İnsanlar sosyal olarak mesafeye olan ihtiyacımızın ne zaman bitebileceğini tahmin etmeye çalışsa da , kimse ne kadar süreceğini bilmiyor. Bu nedenle, kişisel hayal kırıklıklarımızın ne zaman ortaya çıkabileceğini tahmin etmek zor. Altı ay bazılarına “üçüncü çeyrek” gibi gelebilirken, iki ay başkalarına “üçüncü çeyrek” gibi gelebilir. Bu açıkça bir beklenti meselesi.
Belki de bu yüzden zihinsel olarak uzun mesafe için hazırlanmalıyız
Lindgren, “Deneyimlerimiz ve bugün küresel olarak olup bitenler arasındaki en önemli fark, misyonumuz için gönüllü olmamızdır” diyor. “Neye dahil olduğumuzu biliyorduk ve buna hazırlanma fırsatımız oldu.

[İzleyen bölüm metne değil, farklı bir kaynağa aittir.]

Lemma card_compatible_pairs (W T : {set V * V}) N (alpha : {ffun 'I_N -> nat}) :
  #|compatible_pairs W T alpha| =
  \sum_(S : {set 'I_n.-1}) #|linear_extensions_des W T S| * F_coef S alpha.
Proof.
rewrite -sum1_card; under eq_bigl => x do rewrite inE andbA.
rewrite -(pair_big_dep (fun pi : {ffun V -> 'I_n} => injectiveb pi && linear_extension W T pi)
            (fun pi w => Fseq (descents pi) w && has_content w alpha) (fun _ _ => 1)) /=.
rewrite (partition_big descents predT) //=; apply: eq_bigr => S _.
rewrite -sum_nat_const; apply: eq_big => [pi|pi /andP[_ /eqP <-]]; first by rewrite inE andbA.
by rewrite sum1_card; apply: eq_card => w; rewrite inE.
Qed.

Section PPartitions.
Variables (W T : {set V * V}) (N : nat) (alpha : {ffun 'I_N -> nat}).
Hypotheses (rk_W : forall p, p \in W -> rk p.1 < rk p.2)
           (rk_T : forall p, p \in T -> rk p.2 < rk p.1).

Lemma relabel_respects pi w : (pi, w) \in compatible_pairs W T alpha ->
  respects W T (val \o relabel pi w).
Proof.
rewrite inE => /and4P[/injectiveP pi_inj /forallP lin w_Fseq _].
have lt_pi p : p \in W :|: T -> lex_lt rk (val \o relabel pi w) p.1 p.2.
  by move=> pWT; apply: relabel_lex_lt => //; apply: (implyP (lin p)).
apply/andP; split; apply/forallP => p; apply/implyP => pWT.
  by apply: lex_lt_leq (lt_pi _ _); rewrite inE pWT.
by apply: lex_lt_ltn (lt_pi _ _) (rk_T pWT); rewrite inE pWT orbT.
Qed.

Ne yazık ki, topluluklarımız fazla hazırlık yapmadan buna atıldı, bu yüzden anında stresle başa çıkmayı öğrenmek zorundalar. ”
Astronotlar ayrıca görevlerinin ne kadar süreceğini bilirler ve herhangi bir değişiklikle başa çıkmak zor olabilir.
Lindgren, “Fırlattığınız ve geri döndüğünüz zamanın zihinsel bir modelini oluşturduğunuzda, fırlatma veya iade tarihlerinizdeki değişiklikler zorlayıcı” diyor Lindgren. “Bir şey değiştiğinde duygusal olarak programa yatırım yapmamam için geri sayım sayacı ayarlamamaya çalıştım.”
Lindgren, uzun mesafeye zihinsel olarak hazırlanmanın akıllıca olabileceğini ve kısıtlamaların azalmasından hoş bir sürpriz olabileceğini öne sürüyor. “Bunun tersi senin için zor değil.”
Kendinize büyük resmi hatırlatın
Lindgren, Dünya’daki misyonumuz sevdiklerinizin ve genel olarak toplumun sağlığı ve güvenliğine iniyor. “Bir krizi çözmek için birlikte çalışmayı düşünmek yerine birlikte çalışmayı düşünüyorsanız, faydaları muhteşem.”
Bunun, kişisel bakıma öncelik vermemiz veya bizi bir görevdeymişiz gibi egzersiz yapmaya hazırlanıyoruz, egzersiz yapmak, uyumak ve iyi yemek yemek gibi şeyler yapmak anlamına geldiğini söylüyor. Bu, birlikte olduğumuz insanlara ve genel olarak topluma yardımcı olabilir.
“Bu krize bireylerden ziyade birleşik bir grup olarak bakarsak büyük temettüler ödeyecekti. Hanehalklarımızda hepimiz mürettebat arkadaşıyız, ama aynı zamanda topluluklarımız, ülkelerimiz ve küresel topluluğumuzun mürettebatıyız. ”
Yani, iki paket tuvalet kağıdınız varsa ve piyasada bir tane için karıştırılan birini görürseniz, onlara bir tane verin, diye öneriyor. “Böyle küçük sevgi ifadeleri uzun bir yol kat edebilir.”